— WHAT YOU NEED TO DO —
In the records below, find the line with "exact: (connect_transition_feet uZ" and the line with "#|X| <= phis &"; return exactly those lines and every line between them.

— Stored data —
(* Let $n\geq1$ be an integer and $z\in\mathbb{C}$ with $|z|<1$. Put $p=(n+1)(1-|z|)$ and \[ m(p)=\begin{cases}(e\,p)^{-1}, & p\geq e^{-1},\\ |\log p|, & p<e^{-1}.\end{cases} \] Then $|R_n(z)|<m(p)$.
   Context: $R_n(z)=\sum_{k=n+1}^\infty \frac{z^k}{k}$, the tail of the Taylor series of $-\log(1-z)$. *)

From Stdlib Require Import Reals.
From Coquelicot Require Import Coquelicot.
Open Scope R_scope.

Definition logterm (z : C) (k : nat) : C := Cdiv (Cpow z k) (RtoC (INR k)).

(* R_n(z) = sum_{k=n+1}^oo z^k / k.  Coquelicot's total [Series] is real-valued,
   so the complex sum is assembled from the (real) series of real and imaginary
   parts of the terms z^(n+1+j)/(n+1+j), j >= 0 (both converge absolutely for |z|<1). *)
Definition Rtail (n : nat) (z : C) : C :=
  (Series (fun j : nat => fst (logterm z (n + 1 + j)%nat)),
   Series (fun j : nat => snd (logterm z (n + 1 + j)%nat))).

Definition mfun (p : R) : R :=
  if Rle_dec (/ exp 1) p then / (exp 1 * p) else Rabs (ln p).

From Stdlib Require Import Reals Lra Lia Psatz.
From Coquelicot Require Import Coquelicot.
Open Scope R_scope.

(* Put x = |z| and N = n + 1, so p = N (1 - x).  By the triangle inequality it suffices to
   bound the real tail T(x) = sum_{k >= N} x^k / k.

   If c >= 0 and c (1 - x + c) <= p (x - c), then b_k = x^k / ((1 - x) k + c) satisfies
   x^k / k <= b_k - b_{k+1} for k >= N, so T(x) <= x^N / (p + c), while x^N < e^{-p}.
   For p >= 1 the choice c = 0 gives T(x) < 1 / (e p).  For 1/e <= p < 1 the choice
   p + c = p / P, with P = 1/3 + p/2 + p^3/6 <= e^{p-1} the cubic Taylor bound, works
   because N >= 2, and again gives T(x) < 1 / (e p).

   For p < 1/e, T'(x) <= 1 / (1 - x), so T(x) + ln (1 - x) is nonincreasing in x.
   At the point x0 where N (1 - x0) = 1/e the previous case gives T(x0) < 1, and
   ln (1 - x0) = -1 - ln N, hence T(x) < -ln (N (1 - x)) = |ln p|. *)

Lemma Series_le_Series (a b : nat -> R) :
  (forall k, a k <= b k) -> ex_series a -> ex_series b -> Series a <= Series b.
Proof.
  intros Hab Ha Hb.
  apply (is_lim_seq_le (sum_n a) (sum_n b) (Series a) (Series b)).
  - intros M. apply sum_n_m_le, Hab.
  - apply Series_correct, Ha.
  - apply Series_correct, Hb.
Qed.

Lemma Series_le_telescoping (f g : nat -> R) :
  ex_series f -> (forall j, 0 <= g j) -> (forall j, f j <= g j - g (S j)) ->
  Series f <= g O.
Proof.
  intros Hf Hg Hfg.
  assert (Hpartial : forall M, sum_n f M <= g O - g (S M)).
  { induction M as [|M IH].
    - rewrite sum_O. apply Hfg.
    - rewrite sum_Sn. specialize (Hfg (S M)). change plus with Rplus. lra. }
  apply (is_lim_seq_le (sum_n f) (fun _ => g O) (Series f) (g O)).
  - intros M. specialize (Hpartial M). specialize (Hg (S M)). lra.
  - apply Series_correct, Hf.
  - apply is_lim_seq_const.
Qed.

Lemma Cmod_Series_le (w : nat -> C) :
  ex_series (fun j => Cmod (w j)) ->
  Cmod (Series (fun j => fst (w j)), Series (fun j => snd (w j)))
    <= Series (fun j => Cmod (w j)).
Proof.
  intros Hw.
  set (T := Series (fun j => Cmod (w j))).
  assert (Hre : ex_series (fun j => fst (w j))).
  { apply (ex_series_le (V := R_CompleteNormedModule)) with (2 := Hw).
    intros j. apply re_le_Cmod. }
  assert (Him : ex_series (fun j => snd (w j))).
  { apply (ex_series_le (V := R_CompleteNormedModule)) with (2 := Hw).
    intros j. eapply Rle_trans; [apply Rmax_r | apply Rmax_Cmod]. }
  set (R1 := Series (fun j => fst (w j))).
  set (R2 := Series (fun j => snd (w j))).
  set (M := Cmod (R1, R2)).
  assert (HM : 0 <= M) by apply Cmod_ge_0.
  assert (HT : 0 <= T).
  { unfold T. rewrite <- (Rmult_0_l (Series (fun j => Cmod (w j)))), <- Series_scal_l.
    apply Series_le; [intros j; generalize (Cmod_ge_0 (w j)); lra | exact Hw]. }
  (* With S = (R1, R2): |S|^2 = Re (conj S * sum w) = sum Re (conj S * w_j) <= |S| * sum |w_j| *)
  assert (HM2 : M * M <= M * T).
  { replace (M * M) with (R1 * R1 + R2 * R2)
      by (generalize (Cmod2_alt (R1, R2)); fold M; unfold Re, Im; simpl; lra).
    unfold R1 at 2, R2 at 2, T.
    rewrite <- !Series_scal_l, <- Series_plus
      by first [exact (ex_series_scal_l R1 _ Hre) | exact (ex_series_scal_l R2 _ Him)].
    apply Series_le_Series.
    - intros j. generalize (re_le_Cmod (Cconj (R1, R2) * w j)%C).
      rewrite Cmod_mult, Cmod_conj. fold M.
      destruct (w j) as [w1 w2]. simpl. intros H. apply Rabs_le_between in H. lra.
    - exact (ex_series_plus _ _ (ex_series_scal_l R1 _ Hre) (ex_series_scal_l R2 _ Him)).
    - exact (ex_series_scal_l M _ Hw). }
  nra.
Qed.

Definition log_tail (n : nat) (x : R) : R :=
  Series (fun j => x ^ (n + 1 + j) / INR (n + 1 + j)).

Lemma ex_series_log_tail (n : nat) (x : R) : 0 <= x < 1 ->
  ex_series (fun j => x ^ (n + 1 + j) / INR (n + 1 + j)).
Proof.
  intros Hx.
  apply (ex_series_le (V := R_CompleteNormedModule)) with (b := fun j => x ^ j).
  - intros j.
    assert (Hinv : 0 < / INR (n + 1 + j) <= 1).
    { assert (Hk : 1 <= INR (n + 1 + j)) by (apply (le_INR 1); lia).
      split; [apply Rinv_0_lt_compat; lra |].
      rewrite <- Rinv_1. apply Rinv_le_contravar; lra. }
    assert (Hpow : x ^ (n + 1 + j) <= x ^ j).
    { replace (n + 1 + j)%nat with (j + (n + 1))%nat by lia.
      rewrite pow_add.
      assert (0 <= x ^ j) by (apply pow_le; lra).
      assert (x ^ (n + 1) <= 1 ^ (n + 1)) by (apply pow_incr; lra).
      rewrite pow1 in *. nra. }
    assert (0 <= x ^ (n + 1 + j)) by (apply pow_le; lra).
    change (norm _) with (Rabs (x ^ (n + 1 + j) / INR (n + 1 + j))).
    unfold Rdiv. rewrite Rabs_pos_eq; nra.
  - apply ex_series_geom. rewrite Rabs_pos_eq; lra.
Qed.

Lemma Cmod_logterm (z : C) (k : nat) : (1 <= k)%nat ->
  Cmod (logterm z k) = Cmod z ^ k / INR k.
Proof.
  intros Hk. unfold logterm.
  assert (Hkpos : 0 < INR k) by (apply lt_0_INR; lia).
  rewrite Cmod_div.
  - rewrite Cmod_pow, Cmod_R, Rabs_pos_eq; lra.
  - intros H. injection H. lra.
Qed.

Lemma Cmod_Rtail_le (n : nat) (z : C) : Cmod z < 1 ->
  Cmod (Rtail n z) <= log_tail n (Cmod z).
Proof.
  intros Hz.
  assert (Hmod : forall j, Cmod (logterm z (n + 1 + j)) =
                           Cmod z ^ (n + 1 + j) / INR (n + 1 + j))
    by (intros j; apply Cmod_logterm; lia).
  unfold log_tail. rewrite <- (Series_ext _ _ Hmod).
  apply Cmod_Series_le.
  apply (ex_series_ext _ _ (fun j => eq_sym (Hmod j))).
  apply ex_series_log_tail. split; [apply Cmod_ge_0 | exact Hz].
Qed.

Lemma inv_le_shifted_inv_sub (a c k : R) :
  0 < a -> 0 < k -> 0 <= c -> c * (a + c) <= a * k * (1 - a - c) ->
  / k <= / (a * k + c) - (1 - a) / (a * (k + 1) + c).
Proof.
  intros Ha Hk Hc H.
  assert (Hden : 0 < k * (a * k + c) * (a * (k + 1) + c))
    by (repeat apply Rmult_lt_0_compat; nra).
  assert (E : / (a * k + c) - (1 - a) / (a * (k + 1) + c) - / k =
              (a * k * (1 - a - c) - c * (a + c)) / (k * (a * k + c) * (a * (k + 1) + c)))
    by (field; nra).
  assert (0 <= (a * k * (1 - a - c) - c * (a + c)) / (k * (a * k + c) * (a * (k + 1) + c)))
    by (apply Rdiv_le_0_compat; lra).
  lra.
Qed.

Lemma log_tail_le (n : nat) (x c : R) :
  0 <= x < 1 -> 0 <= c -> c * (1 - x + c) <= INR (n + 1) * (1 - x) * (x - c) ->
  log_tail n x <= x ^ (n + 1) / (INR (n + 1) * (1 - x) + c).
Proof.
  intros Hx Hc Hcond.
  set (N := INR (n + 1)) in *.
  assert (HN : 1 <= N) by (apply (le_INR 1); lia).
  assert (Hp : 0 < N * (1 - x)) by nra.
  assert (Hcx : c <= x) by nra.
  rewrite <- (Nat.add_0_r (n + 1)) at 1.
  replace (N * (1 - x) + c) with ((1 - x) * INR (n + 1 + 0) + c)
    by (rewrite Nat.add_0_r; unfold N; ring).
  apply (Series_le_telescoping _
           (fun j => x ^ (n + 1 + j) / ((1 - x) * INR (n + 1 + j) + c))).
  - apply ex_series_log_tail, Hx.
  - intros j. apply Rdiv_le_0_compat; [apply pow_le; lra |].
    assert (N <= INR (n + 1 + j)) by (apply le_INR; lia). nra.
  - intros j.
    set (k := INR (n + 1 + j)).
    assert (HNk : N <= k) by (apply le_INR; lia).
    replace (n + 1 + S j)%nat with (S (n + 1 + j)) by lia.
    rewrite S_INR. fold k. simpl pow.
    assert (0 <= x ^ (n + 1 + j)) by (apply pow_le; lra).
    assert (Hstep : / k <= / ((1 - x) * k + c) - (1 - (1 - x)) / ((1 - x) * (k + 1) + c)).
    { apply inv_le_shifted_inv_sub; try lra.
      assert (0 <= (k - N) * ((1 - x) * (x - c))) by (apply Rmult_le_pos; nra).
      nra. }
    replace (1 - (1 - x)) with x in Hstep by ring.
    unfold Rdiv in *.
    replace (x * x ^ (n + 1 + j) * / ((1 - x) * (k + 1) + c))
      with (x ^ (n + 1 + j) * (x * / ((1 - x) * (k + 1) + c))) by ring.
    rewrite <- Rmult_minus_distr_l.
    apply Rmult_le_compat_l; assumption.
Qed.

...

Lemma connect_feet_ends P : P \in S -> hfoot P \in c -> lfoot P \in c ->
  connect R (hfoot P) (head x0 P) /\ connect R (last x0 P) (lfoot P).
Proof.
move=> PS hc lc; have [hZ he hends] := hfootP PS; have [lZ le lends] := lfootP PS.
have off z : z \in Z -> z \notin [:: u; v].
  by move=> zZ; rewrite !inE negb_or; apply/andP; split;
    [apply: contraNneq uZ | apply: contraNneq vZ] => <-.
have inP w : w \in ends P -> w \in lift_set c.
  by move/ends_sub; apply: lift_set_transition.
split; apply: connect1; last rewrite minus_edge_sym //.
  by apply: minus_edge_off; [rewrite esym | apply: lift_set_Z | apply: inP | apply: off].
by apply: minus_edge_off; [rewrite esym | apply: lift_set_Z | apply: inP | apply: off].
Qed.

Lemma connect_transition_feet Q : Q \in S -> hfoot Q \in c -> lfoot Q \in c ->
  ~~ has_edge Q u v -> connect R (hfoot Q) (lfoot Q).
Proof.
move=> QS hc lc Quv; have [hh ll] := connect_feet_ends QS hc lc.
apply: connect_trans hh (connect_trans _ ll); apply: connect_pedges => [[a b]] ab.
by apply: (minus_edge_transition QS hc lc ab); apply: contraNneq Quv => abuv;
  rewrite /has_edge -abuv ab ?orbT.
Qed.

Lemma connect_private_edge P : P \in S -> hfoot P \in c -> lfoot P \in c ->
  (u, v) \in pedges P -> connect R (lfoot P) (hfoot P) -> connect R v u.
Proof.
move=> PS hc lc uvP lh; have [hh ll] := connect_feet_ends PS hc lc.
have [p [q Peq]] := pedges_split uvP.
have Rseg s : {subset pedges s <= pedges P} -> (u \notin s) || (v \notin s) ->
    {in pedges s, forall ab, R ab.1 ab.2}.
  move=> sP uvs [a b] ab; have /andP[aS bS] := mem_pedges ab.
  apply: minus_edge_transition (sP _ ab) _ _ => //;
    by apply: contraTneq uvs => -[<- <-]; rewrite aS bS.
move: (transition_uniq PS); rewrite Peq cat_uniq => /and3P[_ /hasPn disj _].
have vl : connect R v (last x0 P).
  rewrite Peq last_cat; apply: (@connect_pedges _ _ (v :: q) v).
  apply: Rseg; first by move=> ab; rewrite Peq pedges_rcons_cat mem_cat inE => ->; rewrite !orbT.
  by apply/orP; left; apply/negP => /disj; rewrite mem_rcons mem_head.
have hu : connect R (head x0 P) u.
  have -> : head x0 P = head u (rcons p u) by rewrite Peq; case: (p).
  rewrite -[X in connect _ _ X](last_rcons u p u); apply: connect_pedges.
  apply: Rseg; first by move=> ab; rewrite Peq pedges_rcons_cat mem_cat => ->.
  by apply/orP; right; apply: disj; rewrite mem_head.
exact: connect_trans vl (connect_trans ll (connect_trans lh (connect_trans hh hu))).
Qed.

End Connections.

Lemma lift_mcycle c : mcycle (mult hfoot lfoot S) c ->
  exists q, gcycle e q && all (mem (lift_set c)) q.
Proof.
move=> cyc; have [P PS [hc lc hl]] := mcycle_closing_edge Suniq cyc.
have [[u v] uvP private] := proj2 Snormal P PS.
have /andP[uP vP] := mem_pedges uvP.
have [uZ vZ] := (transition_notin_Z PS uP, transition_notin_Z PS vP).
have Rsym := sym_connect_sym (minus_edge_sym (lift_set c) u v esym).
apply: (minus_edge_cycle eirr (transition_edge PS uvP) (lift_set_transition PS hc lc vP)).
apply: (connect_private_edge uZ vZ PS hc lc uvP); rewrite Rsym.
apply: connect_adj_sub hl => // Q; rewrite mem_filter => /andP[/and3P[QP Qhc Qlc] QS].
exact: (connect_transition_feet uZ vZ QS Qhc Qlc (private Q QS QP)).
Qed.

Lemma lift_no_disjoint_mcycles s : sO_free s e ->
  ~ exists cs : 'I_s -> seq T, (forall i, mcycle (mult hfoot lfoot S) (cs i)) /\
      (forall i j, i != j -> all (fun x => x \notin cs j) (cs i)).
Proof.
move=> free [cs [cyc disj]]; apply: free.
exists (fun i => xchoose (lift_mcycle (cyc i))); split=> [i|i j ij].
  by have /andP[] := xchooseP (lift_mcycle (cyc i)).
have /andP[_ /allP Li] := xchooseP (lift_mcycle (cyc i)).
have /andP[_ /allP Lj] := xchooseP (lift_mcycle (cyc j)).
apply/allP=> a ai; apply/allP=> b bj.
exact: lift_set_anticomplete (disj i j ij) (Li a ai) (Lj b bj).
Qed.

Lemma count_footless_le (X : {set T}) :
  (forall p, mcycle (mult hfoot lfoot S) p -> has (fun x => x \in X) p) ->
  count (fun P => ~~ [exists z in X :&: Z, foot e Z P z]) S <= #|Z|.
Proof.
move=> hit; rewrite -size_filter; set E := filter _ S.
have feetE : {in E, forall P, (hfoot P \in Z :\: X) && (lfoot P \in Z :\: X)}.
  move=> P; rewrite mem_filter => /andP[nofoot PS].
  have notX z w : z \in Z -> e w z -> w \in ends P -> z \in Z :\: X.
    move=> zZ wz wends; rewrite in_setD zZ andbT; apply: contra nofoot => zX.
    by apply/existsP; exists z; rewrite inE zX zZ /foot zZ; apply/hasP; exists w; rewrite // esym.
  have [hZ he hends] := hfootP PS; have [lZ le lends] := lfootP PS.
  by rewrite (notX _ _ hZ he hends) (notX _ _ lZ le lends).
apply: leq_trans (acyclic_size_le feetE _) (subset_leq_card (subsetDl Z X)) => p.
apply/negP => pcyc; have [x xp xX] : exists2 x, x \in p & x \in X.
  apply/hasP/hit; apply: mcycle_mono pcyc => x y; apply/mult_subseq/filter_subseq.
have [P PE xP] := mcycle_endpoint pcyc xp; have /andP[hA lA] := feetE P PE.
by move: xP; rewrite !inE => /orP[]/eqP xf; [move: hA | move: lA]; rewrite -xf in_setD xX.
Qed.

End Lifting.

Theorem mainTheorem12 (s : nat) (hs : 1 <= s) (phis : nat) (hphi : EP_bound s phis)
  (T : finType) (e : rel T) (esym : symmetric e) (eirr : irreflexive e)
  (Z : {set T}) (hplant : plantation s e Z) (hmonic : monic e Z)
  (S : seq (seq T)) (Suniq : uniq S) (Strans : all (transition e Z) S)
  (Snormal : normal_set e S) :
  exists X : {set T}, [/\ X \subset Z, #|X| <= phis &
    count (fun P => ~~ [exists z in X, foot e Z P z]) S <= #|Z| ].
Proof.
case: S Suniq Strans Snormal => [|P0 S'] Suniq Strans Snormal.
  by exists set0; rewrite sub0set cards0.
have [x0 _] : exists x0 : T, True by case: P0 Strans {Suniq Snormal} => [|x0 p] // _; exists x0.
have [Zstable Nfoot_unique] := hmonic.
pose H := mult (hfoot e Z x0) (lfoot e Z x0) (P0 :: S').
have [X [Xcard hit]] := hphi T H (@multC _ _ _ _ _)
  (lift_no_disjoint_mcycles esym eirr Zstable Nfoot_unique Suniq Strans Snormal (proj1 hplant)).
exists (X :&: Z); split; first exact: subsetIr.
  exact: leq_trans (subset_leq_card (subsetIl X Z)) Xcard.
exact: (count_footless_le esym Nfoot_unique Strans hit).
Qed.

==

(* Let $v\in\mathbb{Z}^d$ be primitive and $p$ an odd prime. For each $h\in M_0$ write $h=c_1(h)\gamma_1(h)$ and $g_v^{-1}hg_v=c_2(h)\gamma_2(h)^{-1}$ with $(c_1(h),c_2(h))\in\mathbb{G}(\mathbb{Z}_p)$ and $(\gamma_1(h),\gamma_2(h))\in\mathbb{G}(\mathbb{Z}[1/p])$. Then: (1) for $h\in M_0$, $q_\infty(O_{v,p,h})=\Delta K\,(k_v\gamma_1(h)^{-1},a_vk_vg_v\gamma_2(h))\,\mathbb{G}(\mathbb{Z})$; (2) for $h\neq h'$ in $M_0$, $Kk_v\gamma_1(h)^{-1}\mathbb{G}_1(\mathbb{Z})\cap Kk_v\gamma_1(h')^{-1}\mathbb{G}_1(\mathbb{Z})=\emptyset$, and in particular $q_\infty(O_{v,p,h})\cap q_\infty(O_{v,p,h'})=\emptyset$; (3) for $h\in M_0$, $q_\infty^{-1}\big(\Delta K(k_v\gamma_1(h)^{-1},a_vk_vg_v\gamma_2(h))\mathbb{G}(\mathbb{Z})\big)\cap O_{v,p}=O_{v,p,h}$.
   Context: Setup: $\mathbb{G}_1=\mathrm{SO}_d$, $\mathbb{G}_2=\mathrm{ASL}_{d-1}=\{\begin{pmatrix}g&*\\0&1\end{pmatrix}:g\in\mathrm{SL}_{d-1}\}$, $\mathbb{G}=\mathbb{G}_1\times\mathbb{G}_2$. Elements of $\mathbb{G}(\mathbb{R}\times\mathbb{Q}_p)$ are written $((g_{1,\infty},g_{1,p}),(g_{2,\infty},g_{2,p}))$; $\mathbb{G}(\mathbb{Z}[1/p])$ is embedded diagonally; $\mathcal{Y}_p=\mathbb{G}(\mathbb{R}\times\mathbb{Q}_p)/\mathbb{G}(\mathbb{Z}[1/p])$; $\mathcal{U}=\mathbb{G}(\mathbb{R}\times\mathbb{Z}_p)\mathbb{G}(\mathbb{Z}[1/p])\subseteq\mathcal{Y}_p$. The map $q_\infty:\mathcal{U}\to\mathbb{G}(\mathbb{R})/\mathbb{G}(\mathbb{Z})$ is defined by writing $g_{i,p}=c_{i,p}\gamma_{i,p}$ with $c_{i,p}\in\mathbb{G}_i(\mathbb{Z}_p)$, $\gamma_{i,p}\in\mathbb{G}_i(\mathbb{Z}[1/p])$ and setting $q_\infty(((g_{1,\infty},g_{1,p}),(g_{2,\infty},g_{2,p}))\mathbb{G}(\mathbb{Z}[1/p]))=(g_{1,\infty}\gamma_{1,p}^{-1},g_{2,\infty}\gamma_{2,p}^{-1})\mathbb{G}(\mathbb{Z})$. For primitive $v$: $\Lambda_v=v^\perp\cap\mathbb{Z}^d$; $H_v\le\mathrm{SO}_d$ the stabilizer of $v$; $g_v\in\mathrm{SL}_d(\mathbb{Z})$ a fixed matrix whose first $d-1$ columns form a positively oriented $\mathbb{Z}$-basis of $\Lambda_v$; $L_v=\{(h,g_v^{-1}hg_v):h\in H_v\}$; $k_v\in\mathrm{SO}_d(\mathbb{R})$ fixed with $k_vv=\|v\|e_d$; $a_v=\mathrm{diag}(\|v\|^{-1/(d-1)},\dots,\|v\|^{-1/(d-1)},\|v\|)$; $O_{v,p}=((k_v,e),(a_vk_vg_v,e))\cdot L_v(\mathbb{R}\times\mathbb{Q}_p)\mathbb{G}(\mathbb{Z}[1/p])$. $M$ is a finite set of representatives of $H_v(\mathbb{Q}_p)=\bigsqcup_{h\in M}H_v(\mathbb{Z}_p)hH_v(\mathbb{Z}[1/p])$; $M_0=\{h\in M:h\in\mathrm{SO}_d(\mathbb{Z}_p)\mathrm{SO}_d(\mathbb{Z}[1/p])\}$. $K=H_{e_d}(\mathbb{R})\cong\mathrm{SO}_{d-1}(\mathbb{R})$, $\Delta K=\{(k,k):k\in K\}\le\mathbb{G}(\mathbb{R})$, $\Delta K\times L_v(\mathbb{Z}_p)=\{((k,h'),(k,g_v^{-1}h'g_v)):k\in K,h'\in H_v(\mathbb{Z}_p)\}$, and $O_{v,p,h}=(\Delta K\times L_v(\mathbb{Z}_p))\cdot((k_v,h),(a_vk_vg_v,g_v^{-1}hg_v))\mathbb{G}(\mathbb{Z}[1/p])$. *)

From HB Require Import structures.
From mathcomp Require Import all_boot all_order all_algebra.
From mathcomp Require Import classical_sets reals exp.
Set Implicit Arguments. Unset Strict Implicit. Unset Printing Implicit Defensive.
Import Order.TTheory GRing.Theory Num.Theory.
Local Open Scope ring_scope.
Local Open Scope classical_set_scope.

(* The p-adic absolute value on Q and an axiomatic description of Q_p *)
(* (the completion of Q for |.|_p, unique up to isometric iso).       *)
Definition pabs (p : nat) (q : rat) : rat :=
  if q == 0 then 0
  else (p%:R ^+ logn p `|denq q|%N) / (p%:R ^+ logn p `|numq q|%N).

— TASK OUTPUT —
exact: (connect_transition_feet uZ vZ QS Qhc Qlc (private Q QS QP)).
Qed.

Lemma lift_no_disjoint_mcycles s : sO_free s e ->
  ~ exists cs : 'I_s -> seq T, (forall i, mcycle (mult hfoot lfoot S) (cs i)) /\
      (forall i j, i != j -> all (fun x => x \notin cs j) (cs i)).
Proof.
move=> free [cs [cyc disj]]; apply: free.
exists (fun i => xchoose (lift_mcycle (cyc i))); split=> [i|i j ij].
  by have /andP[] := xchooseP (lift_mcycle (cyc i)).
have /andP[_ /allP Li] := xchooseP (lift_mcycle (cyc i)).
have /andP[_ /allP Lj] := xchooseP (lift_mcycle (cyc j)).
apply/allP=> a ai; apply/allP=> b bj.
exact: lift_set_anticomplete (disj i j ij) (Li a ai) (Lj b bj).
Qed.

Lemma count_footless_le (X : {set T}) :
  (forall p, mcycle (mult hfoot lfoot S) p -> has (fun x => x \in X) p) ->
  count (fun P => ~~ [exists z in X :&: Z, foot e Z P z]) S <= #|Z|.
Proof.
move=> hit; rewrite -size_filter; set E := filter _ S.
have feetE : {in E, forall P, (hfoot P \in Z :\: X) && (lfoot P \in Z :\: X)}.
  move=> P; rewrite mem_filter => /andP[nofoot PS].
  have notX z w : z \in Z -> e w z -> w \in ends P -> z \in Z :\: X.
    move=> zZ wz wends; rewrite in_setD zZ andbT; apply: contra nofoot => zX.
    by apply/existsP; exists z; rewrite inE zX zZ /foot zZ; apply/hasP; exists w; rewrite // esym.
  have [hZ he hends] := hfootP PS; have [lZ le lends] := lfootP PS.
  by rewrite (notX _ _ hZ he hends) (notX _ _ lZ le lends).
apply: leq_trans (acyclic_size_le feetE _) (subset_leq_card (subsetDl Z X)) => p.
apply/negP => pcyc; have [x xp xX] : exists2 x, x \in p & x \in X.
  apply/hasP/hit; apply: mcycle_mono pcyc => x y; apply/mult_subseq/filter_subseq.
have [P PE xP] := mcycle_endpoint pcyc xp; have /andP[hA lA] := feetE P PE.
by move: xP; rewrite !inE => /orP[]/eqP xf; [move: hA | move: lA]; rewrite -xf in_setD xX.
Qed.

End Lifting.

Theorem mainTheorem12 (s : nat) (hs : 1 <= s) (phis : nat) (hphi : EP_bound s phis)
  (T : finType) (e : rel T) (esym : symmetric e) (eirr : irreflexive e)
  (Z : {set T}) (hplant : plantation s e Z) (hmonic : monic e Z)
  (S : seq (seq T)) (Suniq : uniq S) (Strans : all (transition e Z) S)
  (Snormal : normal_set e S) :
  exists X : {set T}, [/\ X \subset Z, #|X| <= phis &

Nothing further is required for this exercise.